Fixing the lending drought




Lending by the banks remains severely constrained, fact. Despite the strenuous efforts made by their press offices to convince us otherwise, the bankers are still not lending....

Lending by the banks remains severely constrained, fact. Despite the strenuous efforts made by their press offices to convince us otherwise, the bankers are still not lending anywhere near enough to meet the needs of Britain’s small- and medium-sized enterprises and so help kick-start a full-throated economic recovery.

While there is good evidence that mainstream money is finally getting through to mortgage borrowers – and about time too given the potentially pernicious economic consequences of government (i.e. taxpayer) largesse in the form of quantitative Easing (QE), Funding for Lending, and the particularly obnoxious Help to Buy scheme – lending to business continues to disappoint.

Don’t expect this to change anytime soon. We heard last week that Sir Mervyn King’s final gift to the banks before heading off to do whatever his well-padded pension might allow is to insist they bolster their balance sheets by £27 billion. Eight banks were targeted with RBS and Nationwide singled out – unfairly according to some – for special treatment.

Pretty ripe from a central banker who, in 2007, infamously observed that Britain’s banks were “well-positioned” to withstand any consequences arising from the mis-selling of American sub-prime mortgages.

It also looks as if the Bank of England’s policy of QE is at an end. Its equivalent across the Atlantic – the US Federal Reserve – has confirmed it will “taper” QE out of existence and, with UK inflation continuing to run ahead of its 2.7 per cent target, it’s difficult to see how, or why, King’s successor Mark Carney could continue printing cheap money, of which the banks have been the chief beneficiaries.

While bad news for the wider economy, these developments signal a continuing opportunity for alternative lenders. The new generation of challenger banks and short term lenders should do particularly well given their inherent nimbleness and flexibility. Combined with secure funding and attractive products, the ingredients are in place to provide frustrated borrowers with a full menu of treats to shame the bankers. Brokers, take note.

Elsewhere, we all enjoyed a good laugh last week at the expense of the Chancellor of the Exchequer.

Hilariously illustrative of how US presidents view senior British politicians, Barack Obama persistently referred to George Osborne as “Jeff”. He later explained it away by saying he’d confused our custodian of the nation’s purse-strings with his favourite R&B singer, 1980s chart-maker Jeffrey Osborne (“On the Wings of Love”, anyone?)

But Osborne has more weighty matters on his mind – or so we hope. Tomorrow (Wednesday), he will unveil the government’s spending plans for 2015-16. The central theme will be a package of additional savings (or “cuts” if you work at the BBC or The Guardian) amounting to £11.5 billion. The squeals of pain and outrage from Miliband, Balls and various (self-) interest groups will be heard around the country.

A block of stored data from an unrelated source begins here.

(* Let $\mathcal G$ be a braided stability groupoid and $l,m,n$ objects of $U\mathcal G$. Then the map $\mathrm{Hom}(m,l\oplus m)\to\mathrm{Hom}(m\oplus n,l\oplus m\oplus n)$, $\psi\mapsto\psi\oplus\mathrm{id}_n$, is injective, and its image is $\{\chi\in\mathrm{Hom}(m\oplus n,l\oplus m\oplus n)\mid\chi\circ(\iota_m\oplus\mathrm{id}_n)=\iota_{l\oplus m}\oplus\mathrm{id}_n\}$.
   Context: Stability groupoid: a monoidal groupoid $(\mathcal G,\oplus,0)$ with objects $(\mathbb N,+,0)$, $G_n=\mathrm{Aut}(n)$, such that $\oplus\colon G_m\times G_n\to G_{m+n}$ is injective, $G_0$ is trivial, and $(G_{l+m}\times1)\cap(1\times G_{m+n})=1\times G_m\times1$ in $G_{l+m+n}$; braided: equipped with a braiding $b_{m,n}\in G_{m+n}$ of the monoidal groupoid. $U\mathcal G$: objects $\mathbb N$, $\mathrm{Hom}(m,n)=G_n/G_{n-m}$ for $m\le n$ ($G_{n-m}\subset G_n$ via $g\mapsto g\oplus\mathrm{id}_m$), empty otherwise; composition $fG_l\circ gG_m=f(\mathrm{id}_l\oplus g)G_{l+m}$; monoidal structure $f_1G_{m_1}\oplus f_2G_{m_2}=(f_1\oplus f_2)(\mathrm{id}_{m_1}\oplus b^{-1}_{n_1,m_2}\oplus\mathrm{id}_{n_2})G_{m_1+m_2}$ for $f_jG_{m_j}\colon n_j\to m_j+n_j$. The unit $0$ is initial; $\iota_m\colon0\to m$ is the unique morphism. *)

(* A braided stability groupoid, presented as
   a family of groups G n = Aut(n), n : nat, with a strict monoidal product
   and a braiding; and the category UG with morphisms given by cosets. *)
From mathcomp Require Import all_boot zify.
Set Implicit Arguments. Unset Strict Implicit. Unset Printing Implicit Defensive.

(* Composition convention: [mul n x y] = x o y (first y, then x). *)
Record BraidedStabilityGroupoid := {
  gG : nat -> Type;
  mul : forall n, gG n -> gG n -> gG n;
  one : forall n, gG n;
  inv : forall n, gG n -> gG n;
  mulA : forall n (x y z : gG n), mul x (mul y z) = mul (mul x y) z;
  mul1g : forall n (x : gG n), mul (one n) x = x;
  mulg1 : forall n (x : gG n), mul x (one n) = x;
  mulVg : forall n (x : gG n), mul (inv x) x = one n;
  mulgV : forall n (x : gG n), mul x (inv x) = one n;
  oplus : forall m n, gG m -> gG n -> gG (m + n);
  oplus_mul : forall m n (g g' : gG m) (h h' : gG n),
    oplus (mul g g') (mul h h') = mul (oplus g h) (oplus g' h');
  oplus_one : forall m n, oplus (one m) (one n) = one (m + n);
  oplusA : forall m n p (g : gG m) (h : gG n) (k : gG p),
    eq_rect _ gG (oplus g (oplus h k)) _ (addnA m n p) = oplus (oplus g h) k;
  oplus0l : forall n (g : gG n), eq_rect _ gG (oplus (one 0) g) _ (add0n n) = g;
  oplus0r : forall n (g : gG n), eq_rect _ gG (oplus g (one 0)) _ (addn0 n) = g;
  oplus_inj : forall m n (g g' : gG m) (h h' : gG n),
    oplus g h = oplus g' h' -> g = g' /\ h = h';
  G0_trivial : forall g : gG 0, g = one 0;
  intersection : forall l m n (x : gG (l + m + n)),
    ((exists g : gG (l + m), x = oplus g (one n)) /\
     (exists h : gG (m + n), x = eq_rect _ gG (oplus (one l) h) _ (addnA l m n)))
    <-> (exists k : gG m, x = oplus (oplus (one l) k) (one n));
  (* braiding b_{m,n} : m (+) n -> n (+) m, an element of G_{m+n} *)
  braid : forall m n, gG (m + n);
  braid_nat : forall m n (g : gG m) (h : gG n),
    mul (braid m n) (oplus g h)
    = mul (eq_rect _ gG (oplus h g) _ (addnC n m)) (braid m n);
  braid_hex1 : forall l m n,
    braid l (m + n)
    = mul (eq_rect _ gG (oplus (one m) (braid l n)) _ (addnCA m l n))
          (eq_rect _ gG (oplus (braid l m) (one n)) _ (esym (addnA l m n)));
  braid_hex2 : forall l m n,
    braid (l + m) n
    = mul (eq_rect _ gG (oplus (braid l n) (one m)) _ (addnAC l n m))
          (eq_rect _ gG (oplus (one l) (braid m n)) _ (addnA l m n))
}.

Arguments mul {b n}. Arguments one {b}. Arguments inv {b n}.
Arguments oplus {b m n}. Arguments braid {b}.

Section UG.
Variable S : BraidedStabilityGroupoid.
Local Notation G := (gG S).

Definition castG m n (e : m = n) (x : G m) : G n := eq_rect m G x n e.

(* A morphism m -> n of UG (m <= n), represented by f in G_n standing for
   the coset f G_{n-m}. *)
Record UMor (m n : nat) := { ule : m <= n; urep : G n }.

Definition incl m n (H : m <= n) (g : G (n - m)) : G n :=
  castG (subnK H) (oplus g (one m)).

(* equality in Hom(m,n) = G_n / G_{n-m} (equality of left cosets) *)
Definition ueq m n (f f' : UMor m n) : Prop :=
  exists g : G (n - m), urep f' = mul (urep f) (incl (ule f) g).

Definition uid n : UMor n n := {| ule := leqnn n; urep := one n |}.

Definition uiota m : UMor 0 m := {| ule := leq0n m; urep := one m |}.

Lemma comp_eq (a b c : nat) : b <= c -> (c - b) + b = c.
Proof. exact: subnK. Qed.

(* f G_l o g G_m = f (id_l (+) g) G_{l+m} *)
Definition ucomp (a b c : nat) (f : UMor b c) (g : UMor a b) : UMor a c :=
  {| ule := leq_trans (ule g) (ule f);
     urep := mul (urep f) (castG (subnK (ule f)) (oplus (one (c - b)) (urep g))) |}.

Lemma uplus_eq (n1 p1 n2 p2 : nat) : n1 <= p1 -> n2 <= p2 ->
  (p1 - n1) + (n1 + (p2 - n2)) + n2 = p1 + p2.
Proof.
move=> h1 h2; lia.
Qed.

(* f1 G_{m1} (+) f2 G_{m2}
     = (f1 (+) f2)(id_{m1} (+) b^{-1}_{n1,m2} (+) id_{n2}) G_{m1+m2} *)
Definition uplus (n1 p1 n2 p2 : nat) (f1 : UMor n1 p1) (f2 : UMor n2 p2)
  : UMor (n1 + n2) (p1 + p2) :=
  {| ule := leq_add (ule f1) (ule f2);
     urep := mul (oplus (urep f1) (urep f2))
               (castG (uplus_eq (ule f1) (ule f2))
                  (oplus (oplus (one (p1 - n1)) (inv (braid n1 (p2 - n2))))
                         (one n2))) |}.

End UG.

(** Since the braiding [b_{m,0}] is trivial, [ψ ⊕ id_n] is represented by
    [ψ ⊕ 1_n], and the subgroup [G_l ⊕ 1_{m+n}] defining its coset is the image
    of [G_l ⊕ 1_m] under [- ⊕ 1_n]; injectivity of [⊕] then gives injectivity of
    [ψ ↦ ψ ⊕ id_n].  On the other hand [ι_m ⊕ id_n] is represented by [1], so
    [χ ∘ (ι_m ⊕ id_n) = ι_{l+m} ⊕ id_n] says exactly that [χ ∈ G_{l+m} ⊕ 1_n],
    and the cosets of such elements are those of the form [(ψ ⊕ 1_n) G_l]. *)
From mathcomp Require Import all_boot.
Set Implicit Arguments. Unset Strict Implicit. Unset Printing Implicit Defensive.

Section UGLemmas.
Variable S : BraidedStabilityGroupoid.
Local Notation G := (gG S).

Lemma castG_id n (e : n = n) (x : G n) : castG e x = x.
Proof. by rewrite (eq_axiomK e). Qed.

Lemma castG_irrelevance m n (e e' : m = n) (x : G m) : castG e x = castG e' x.
Proof. by rewrite (eq_irrelevance e e'). Qed.

Lemma castG_comp m n p (e1 : m = n) (e2 : n = p) (x : G m) :
  castG e2 (castG e1 x) = castG (etrans e1 e2) x.
Proof. by case: _ / e2; case: _ / e1. Qed.

Lemma castG_one m n (e : m = n) : castG e (one m : G m) = one n.
Proof. by case: _ / e. Qed.

Lemma castG_inv m n (e : m = n) (x : G m) : castG e (inv x) = inv (castG e x).
Proof. by case: _ / e. Qed.

Lemma oplus_castl a a' b (e : a = a') (x : G a) (y : G b) :
  oplus (castG e x) y = castG (f_equal (addn^~ b) e) (oplus x y).
Proof. by case: _ / e. Qed.

Lemma mul_eq1_inv n (x y : G n) : mul x y = one n -> x = inv y.
Proof. by move=> xy1; rewrite -(mulg1 x) -(mulgV y) mulA xy1 mul1g. Qed.

Lemma inv1 n : inv (one n) = one n :> G n.
Proof. by symmetry; apply: mul_eq1_inv; rewrite mulg1. Qed.

Lemma inv_oplus a b (x : G a) (y : G b) : inv (oplus x y) = oplus (inv x) (inv y).
Proof. by symmetry; apply: mul_eq1_inv; rewrite -oplus_mul !mulVg oplus_one. Qed.

Lemma idempotent_one n (x : G n) : mul x x = x -> x = one n.
Proof. by move=> /(f_equal (mul (inv x))); rewrite mulA mulVg mul1g. Qed.

(* The hexagon identity for [b_{a,0+0}] reads [b_{a,0} = b_{a,0} b_{a,0}]. *)
Lemma braid_n0 a k : k = 0 -> braid a k = one (a + k) :> G (a + k).
Proof.
move->; apply: idempotent_one.
have hex := braid_hex1 S a 0 0.
rewrite -[X in mul _ X = _](oplus0r (braid a 0)).
rewrite -[X in mul X _ = _](oplus0l (braid a 0)).
rewrite (eq_irrelevance (add0n _) (addnCA 0 a 0)).
by rewrite (eq_irrelevance (addn0 _) (esym (addnA a 0 0))) -hex.
Qed.

Lemma urep_uplus_uid n a b (f : UMor S a b) :
  urep (uplus f (uid S n)) = oplus (urep f) (one n).
Proof.
by rewrite /= (braid_n0 a (subnn n)) inv1 !oplus_one castG_one mulg1.
Qed.

Lemma urep_ucomp_one a b c (f : UMor S b c) (g : UMor S a b) :
  urep g = one b -> urep (ucomp f g) = urep f.
Proof. by move=> /= ->; rewrite oplus_one castG_one mulg1. Qed.

Lemma incl1 m n (le : m <= n) : incl le (one (n - m) : G (n - m)) = one n.
Proof. by rewrite /incl oplus_one castG_one. Qed.

Lemma incl_inv m n (le : m <= n) (g : G (n - m)) : inv (incl le g) = incl le (inv g).
Proof. by rewrite /incl -castG_inv inv_oplus inv1. Qed.

Lemma incl0 n (le : 0 <= n) (g : G (n - 0)) : incl le g = castG (subn0 n) g.
Proof.
rewrite -[in RHS](oplus0r g) -/castG castG_comp.
exact: castG_irrelevance.
Qed.

Lemma incl_addn a b n (le : a <= b) (le' : a + n <= b + n) (g : G (b + n - (a + n))) :
  incl le' g = oplus (incl le (castG (subnDr n b a) g)) (one n).
Proof.
rewrite /incl oplus_castl -oplusA -/castG oplus_one oplus_castl !castG_comp.
exact: castG_irrelevance.
Qed.

Lemma ueq_to_one c d (f g : UMor S c d) : urep g = one d ->
  ueq f g <-> exists h : G (d - c), urep f = incl (ule f) h.
Proof.
move=> g1; rewrite /ueq g1; split=> [[h /esym /mul_eq1_inv ->] | [h ->]].
  by exists (inv h); rewrite incl_inv.
by exists (inv h); rewrite -incl_inv mulgV.
Qed.

Lemma uplus_uid_inj a b n (f f' : UMor S a b) :
  ueq (uplus f (uid S n)) (uplus f' (uid S n)) -> ueq f f'.
Proof.
move=> [g]; rewrite !urep_uplus_uid (incl_addn (ule f)) -oplus_mul mulg1.
by move=> /oplus_inj[f_f' _]; exists (castG (subnDr n b a) g).
Qed.

Lemma image_uplus_uid a b n (le : a <= b) (chi : UMor S (a + n) (b + n)) :
  (exists psi : UMor S a b, ueq (uplus psi (uid S n)) chi)
  <-> exists g : G b, urep chi = oplus g (one n).
Proof.
split=> [[psi [g ->]] | [g chi_g]].
  by rewrite urep_uplus_uid (incl_addn (ule psi)) -oplus_mul mulg1; eexists.
exists {| ule := le; urep := g |}, (one _).
by rewrite incl1 mulg1 urep_uplus_uid.
Qed.

Lemma ueq_ucomp_uiota_uid a b n (chi : UMor S (a + n) (b + n)) :
  ueq (ucomp chi (uplus (uiota S a) (uid S n))) (uplus (uiota S b) (uid S n))
  <-> exists g : G b, urep chi = oplus g (one n).
Proof.
rewrite ueq_to_one ?urep_ucomp_one ?urep_uplus_uid ?oplus_one //=.
set e := etrans (subnDr n b 0) (subn0 b).
split=> [[h ->] | [g ->]].
  by rewrite (incl_addn (leq0n b)) incl0 castG_comp; eexists.
exists (castG (esym e) g).
by rewrite (incl_addn (leq0n b)) incl0 !castG_comp castG_id.
Qed.

End UGLemmas.

Theorem proposition4p1 (S : BraidedStabilityGroupoid) (l m n : nat) :
  (forall psi psi' : UMor S m (l + m),
      ueq (uplus psi (uid S n)) (uplus psi' (uid S n)) -> ueq psi psi')
  /\
  (forall chi : UMor S (m + n) (l + m + n),
      (exists psi : UMor S m (l + m), ueq (uplus psi (uid S n)) chi)
      <-> ueq (ucomp chi (uplus (uiota S m) (uid S n)))
              (uplus (uiota S (l + m)) (uid S n))).
Proof.
split=> [psi psi' | chi]; first exact: uplus_uid_inj.
by rewrite ueq_ucomp_uiota_uid (image_uplus_uid (leq_addl l m)).
Qed.
(* V(I) u V(J) = V(IJ), by primality of the points. *)
Lemma Proj_closedU C1 C2 : Proj_closed d C1 -> Proj_closed d C2 ->
  Proj_closed d (fun P => C1 P \/ C2 P).
Proof.
move=> [I1 [hI1 hC1]] [I2 [hI2 hC2]].
exists (fun r => exists p q, [/\ I1 p, I2 q & r = p * q]); split.
  move=> _ [p [q [hp hq ->]]]; apply/in_AdeltaP.
  by apply: in_AdM; apply/in_AdeltaP; [exact: hI1 | exact: hI2].
move=> P; split.
  case=> [/hC1 | /hC2] [HP h]; split => // _ [p [q [hp hq ->]]];
    case: (HP) => [[_ _ _ Pideal _] _].
    by rewrite mulrC; apply: Pideal; [exact: h | exact: hI2].
  by apply: Pideal; [exact: h | exact: hI1].
move=> [HP h].
case: (classic (forall p, I1 p -> P p)) => [h1|]; first by left; apply/hC1.
move=> /not_all_ex_not [p /(imply_to_and (I1 p)) [hp1 hp2]].
case: (classic (forall q, I2 q -> P q)) => [h2|]; first by right; apply/hC2.
move=> /not_all_ex_not [q /(imply_to_and (I2 q)) [hq1 hq2]].
case: HP => _ [Pprime _ _].
have /Pprime : P (p * q) by apply: h; exists p, q.
by case=> //; [exact: hI1 | exact: hI2].
Qed.

Lemma Proj_closed_bigcup (I : eqType) (C : I -> ({poly A} -> Prop) -> Prop) (s : seq I) :
  (forall k, Proj_closed d (C k)) -> Proj_closed d (fun P => exists2 k, k \in s & C k P).
Proof.
move=> hC; elim: s => [|k s IH].
  by apply: (Proj_closed_ext Proj_closed0) => P; split => // [[]].
apply: (Proj_closed_ext (Proj_closedU (hC k) IH)) => P; split.
  by case=> [h|[j hj h]]; [exists k; rewrite ?mem_head | exists j; rewrite // in_cons hj orbT].
by move=> [j]; rewrite in_cons => /orP [/eqP ->|hj] h; [left | right; exists j].
Qed.
Lemma RInt_Cauchy_Schwarz p q a b : a <= b ->
  (forall x, a <= x <= b -> continuity_pt p x) ->
  (forall x, a <= x <= b -> continuity_pt q x) ->
  (RInt (fun x => p x * q x) a b) ^ 2 <=
    RInt (fun x => p x * p x) a b * RInt (fun x => q x * q x) a b.
Proof.
  intros Hab Hp Hq.
  assert (Hint : forall g h, (forall x, a <= x <= b -> continuity_pt g x) ->
            (forall x, a <= x <= b -> continuity_pt h x) -> ex_RInt (fun x => g x * h x) a b).
  { intros g h Hg Hh. apply ex_RInt_continuity_pt; auto.
    intros; apply continuity_pt_mult; auto. }
  apply sq_le_of_quadratic_nonneg.
  - apply RInt_ge_0; auto. intros; nra.
  - intros l.
    set (pl := fun x => p x - l * q x).
    assert (Hpl : forall x, a <= x <= b -> continuity_pt pl x).
    { intros x Hx. apply continuity_pt_minus; auto.
      apply continuity_pt_scal; auto. }
    replace (RInt (fun x => p x * p x) a b - 2 * l * RInt (fun x => p x * q x) a b +
             l ^ 2 * RInt (fun x => q x * q x) a b)
      with (RInt (fun x => pl x * pl x) a b).
    { apply RInt_ge_0; auto. intros; apply Rle_0_sqr. }
    rewrite (RInt_ext (V := R_CompleteNormedModule) (fun x => pl x * pl x)
               (fun x => 1 * (p x * p x) + 1 * ((-2 * l) * (p x * q x) + l ^ 2 * (q x * q x))))
      by (intros x _; unfold pl; simpl; ring).
    rewrite RInt_lincomb, RInt_lincomb by
      (auto; apply ex_RInt_continuity_pt; auto; intros; apply continuity_pt_plus;
       apply continuity_pt_scal, continuity_pt_mult; auto).
    apply Rminus_diag_uniq; ring.
Qed.

Lemma nondecr_of_derive_nonneg g g' :
  (forall x, is_derive g x (g' x)) -> (forall x, 0 <= g' x) ->
  forall x y, x <= y -> g x <= g y.
Proof.
  intros Hd Hp x y Hxy.
  destruct (MVT_gen g x y g') as [z [_ E]].
  - intros; apply Hd.
  - intros z _. exact (is_derive_continuity_pt _ _ _ (Hd z)).
  - specialize (Hp z). nra.
Qed.

(* Two mean-value steps, on [x, z] and [z, y], compare the chord slopes at the point z. *)
Lemma convex_on_R_of_derive_nondecr h h' :
  (forall x, is_derive h x (h' x)) ->
  (forall x y, x <= y -> h' x <= h' y) -> convex_on_R h.
Proof.
  intros Hd Hm.
  assert (Hc : forall x, continuity_pt h x)
    by (intros x; exact (is_derive_continuity_pt _ _ _ (Hd x))).
  assert (key : forall x y t, x <= y -> 0 <= t -> t <= 1 ->
            h (t * x + (1 - t) * y) <= t * h x + (1 - t) * h y).
  { intros x y t Hxy H0 H1. set (z := t * x + (1 - t) * y).
    assert (Hz : x <= z <= y) by (unfold z; nra).
    destruct (MVT_gen h x z h') as [c1 [Hc1 E1]]; [intros; apply Hd | intros; apply Hc |].
    destruct (MVT_gen h z y h') as [c2 [Hc2 E2]]; [intros; apply Hd | intros; apply Hc |].
    rewrite Rmin_left, Rmax_right in Hc1, Hc2 by lra.
    assert (Hm12 : h' c1 <= h' c2) by (apply Hm; lra).
    replace (z - x) with ((1 - t) * (y - x)) in E1 by (unfold z; ring).
    replace (y - z) with (t * (y - x)) in E2 by (unfold z; ring).
    assert (0 <= t * (1 - t) * (y - x) * (h' c2 - h' c1)).
    { apply Rmult_le_pos; [|lra]. apply Rmult_le_pos; [|lra]. nra. }
    nra. }
  intros x y t H0 H1. destruct (Rle_lt_dec x y) as [Hxy|Hxy].
  - apply key; auto.
  - replace (t * x + (1 - t) * y) with ((1 - t) * y + (1 - (1 - t)) * x) by ring.
    replace (t * h x + (1 - t) * h y) with ((1 - t) * h y + (1 - (1 - t)) * h x) by ring.
    apply key; lra.
Qed.

Lemma convex_on_R_ext h1 h2 : (forall x, h1 x = h2 x) -> convex_on_R h1 -> convex_on_R h2.
Proof. intros E H x y t H0 H1. rewrite <- !E. apply H; auto. Qed.

Lemma convex_on_R_comp_opp h : convex_on_R h -> convex_on_R (fun x => h (- x)).
Proof.
  intros H x y t H0 H1.
  replace (- (t * x + (1 - t) * y)) with (t * (- x) + (1 - t) * (- y)) by ring.
  apply H; auto.
Qed.

(* [(G^k)'' = k G^(k-2) ((k-1) G'^2 + G G'')], which is [>= 0] for [k < 0] exactly under the
   stated inequality. *)
Lemma convex_on_R_Rpower_neg G g dg k : k < 0 -> (forall x, 0 < G x) ->
  (forall x, is_derive G x (g x)) -> (forall x, is_derive g x (dg x)) ->
  (forall x, G x * dg x <= (1 - k) * g x ^ 2) ->
  convex_on_R (fun x => Rpower (G x) k).
Proof.
  intros Hk HG HdG Hdg Hineq.
  assert (DG : forall x, Derive G x = g x) by (intros; apply is_derive_unique, HdG).
  assert (Dg : forall x, Derive g x = dg x) by (intros; apply is_derive_unique, Hdg).
  apply convex_on_R_of_derive_nondecr with (h' := fun x => k * exp (k * ln (G x)) * g x / G x).
  - intros x. unfold Rpower. auto_derive.
    + split; [eexists; apply HdG | split; auto].
    + rewrite DG. field. apply Rgt_not_eq, HG.
  - apply nondecr_of_derive_nonneg with
      (g' := fun x => k * exp (k * ln (G x)) / G x ^ 2 * ((k - 1) * g x ^ 2 + G x * dg x)).
    + intros x. auto_derive.
      * repeat split; try (eexists; first [apply HdG | apply Hdg]); auto; apply Rgt_not_eq, HG.
      * rewrite DG, Dg. field. apply Rgt_not_eq, HG.
    + intros x. specialize (Hineq x). pose proof (HG x).
      assert (0 < exp (k * ln (G x)) / G x ^ 2) by (apply Rdiv_lt_0_compat; [apply exp_pos | nra]).
      replace (k * exp (k * ln (G x)) / G x ^ 2 * ((k - 1) * g x ^ 2 + G x * dg x))
        with ((- k) * (exp (k * ln (G x)) / G x ^ 2) * ((1 - k) * g x ^ 2 - G x * dg x))
        by (field; lra).
      apply Rmult_le_pos; [apply Rmult_le_pos|]; lra.
Qed.

Lemma is_lim_p_infty_of_nondecr_bounded g B :
  (forall x y, 0 <= x <= y -> g x <= g y) -> (forall x, 0 <= x -> g x <= B) ->
  exists l : R, is_lim g p_infty l.
Proof.
  intros Hm Hb.
  set (E := fun z => exists x, 0 <= x /\ z = g x).
  assert (HE : bound E) by (exists B; intros z [x [Hx ->]]; auto).
  assert (HE2 : exists z, E z) by (exists (g 0), 0; split; [lra|auto]).
  destruct (completeness E HE HE2) as [l [Hub Hlub]].
  exists l. apply is_lim_spec. intros eps.
  assert (Hx0 : exists x0, 0 <= x0 /\ l - eps < g x0).
  { apply NNPP. intros Hn. assert (is_upper_bound E (l - eps)).
    { intros z [x [Hx ->]]. apply Rnot_lt_le. intros Hc. apply Hn. now exists x. }
    specialize (Hlub _ H). pose proof (cond_pos eps). lra. }
  destruct Hx0 as [x0 [Hx0 Hgx0]].
  exists x0. intros x Hx. assert (g x <= l) by (apply Hub; exists x; split; auto; lra).
  assert (g x0 <= g x) by (apply Hm; lra).
  apply Rabs_def1; lra.
Qed.

Lemma RInt_even f x : (forall x, continuity_pt f x) -> (forall y, f (- y) = f y) ->
  RInt f 0 (- x) = - RInt f 0 x.
Proof.
  intros Hc He.
  assert (H := RInt_comp_lin (V := R_CompleteNormedModule) f (-1) 0 0 x).
  replace (-1 * 0 + 0) with 0 in H by ring. replace (-1 * x + 0) with (- x) in H by ring.
  rewrite <- H by apply ex_RInt_continuity, Hc.
  rewrite (RInt_ext (V := R_CompleteNormedModule) _ (fun y => -1 * f y)).
  - rewrite RInt_scal_l by apply ex_RInt_continuity, Hc. apply Rminus_diag_uniq; ring.
  - intros y _. unfold scal; simpl; unfold mult; simpl.
    replace (-1 * y + 0) with (- y) by ring. now rewrite He.
Qed.

Lemma is_lim_Rpower_neg e : 0 < e -> is_lim (fun y => Rpower y (- e)) p_infty 0.
Proof.
  intros He. unfold Rpower.
  apply (is_lim_comp exp (fun y => - e * ln y) p_infty 0 m_infty).
  - apply is_lim_exp_m.
  - assert (E : Rbar_mult (- e) p_infty = m_infty).
    { unfold Rbar_mult, Rbar_mult'. destruct (Rle_dec 0 (- e)); [exfalso; lra | reflexivity]. }
    rewrite <- E. apply is_lim_scal_l, is_lim_ln_p.
  - exists 0. intros; discriminate.
Qed.

Lemma is_lim_seq_INR_plus a : is_lim_seq (fun n => INR n + a) p_infty.
Proof.
  apply (is_lim_seq_plus _ _ p_infty a p_infty).
  - apply is_lim_seq_INR.
  - apply is_lim_seq_const.
  - reflexivity.
Qed.

Lemma is_lim_inv_p_infty : is_lim (fun b => / b) p_infty 0.
Proof.
  replace (Finite 0) with (Rbar_inv p_infty) by reflexivity.
  apply is_lim_inv; [apply is_lim_id | discriminate].
Qed.

Lemma exp_le_exp x y : x <= y -> exp x <= exp y.
Proof. intros [H|<-]; [apply Rlt_le, exp_increasing, H | apply Rle_refl]. Qed.

Lemma is_lub_iff (E E' : R -> Prop) l : (forall y, E y <-> E' y) -> is_lub E l -> is_lub E' l.
Proof.
  intros HE [Hub Hl]. split.
  - intros y Hy. apply Hub, HE, Hy.
  - intros b Hb. apply Hl. intros y Hy. apply Hb, HE, Hy.
Qed.

(** * The Gamma function *)

Definition gamma_kernel (a t : R) : R := Rpower t (a - 1) * exp (- t).

Definition Gamma_trunc (a : R) (n : nat) : R :=
  RInt (gamma_kernel a) (/ (INR n + 1)) (INR n + 1).

Definition Gamma_lim (a g : R) : Prop := is_lim_seq (Gamma_trunc a) g.

Lemma Gamma_trunc_bounds n : 0 < / (INR n + 1) <= INR n + 1.
Proof.
  pose proof (pos_INR n). split; [apply Rinv_0_lt_compat; lra|].
  apply Rle_trans with 1; [|lra]. rewrite <- Rinv_1. apply Rinv_le_contravar; lra.
Qed.

Lemma gamma_kernel_pos a t : 0 < gamma_kernel a t.
Proof. apply Rmult_lt_0_compat; apply exp_pos. Qed.

Lemma gamma_kernel_continuity_pt a t : 0 < t -> continuity_pt (gamma_kernel a) t.
Proof. intros Ht. apply ex_derive_continuity_pt. unfold gamma_kernel, Rpower. auto_derive. lra. Qed.

Lemma ex_RInt_gamma_kernel a u v : 0 < u -> u <= v -> ex_RInt (gamma_kernel a) u v.
Proof.
  intros Hu Huv. apply ex_RInt_continuity_pt; auto.
  intros; apply gamma_kernel_continuity_pt; lra.
Qed.

Lemma is_Gamma_lim a g : is_Gamma a g -> Gamma_lim a g.
Proof.
  intros H. apply is_lim_seq_spec. intros eps.
  destruct (H eps (cond_pos eps)) as [del [Hdel [M HM]]].
  destruct (INR_eventually_gt (Rmax M (/ del))) as [N HN]. exists N. intros n Hn.
  specialize (HN n Hn). pose proof (pos_INR n).
  pose proof (Rmax_l M (/ del)). pose proof (Rmax_r M (/ del)).
  assert (Hlo : / (INR n + 1) < del).
  { rewrite <- (Rinv_inv del). apply Rinv_lt_contravar; [|lra].
    apply Rmult_lt_0_compat; [apply Rinv_0_lt_compat|]; lra. }
  destruct (HM _ (INR n + 1) (proj1 (Gamma_trunc_bounds n)) Hlo ltac:(lra)) as [w [Hw Hwe]].
  unfold Gamma_trunc, gamma_kernel. now rewrite (RInt_of_RInt_eq _ _ _ _ Hw).
Qed.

But don’t be fooled by any of it; nor should you be conned into believing it represents anything approximating to a serious attempt to rebalance the nation’s psychotic finances. It doesn’t, and is simply political window-dressing designed to appease the money markets on whose support we have become addicted.

The simple, indisputable fact is that public sector spending next year will, at £745 billion, be £55 billion more than in the first year of this coalition government. Representing an unsustainable 43 per cent of GDP – and with a whopping £220 billion of it alone going on welfare and social benefits – it confirms we’re a country living way beyond our means and in denial of the harsh economic realities of 21st century life.

So when you look at your next pay packet and wonder where all that tax and NI is going, start getting mad. It’s your money, you’ve earned it and you’ve a right to see it better spent.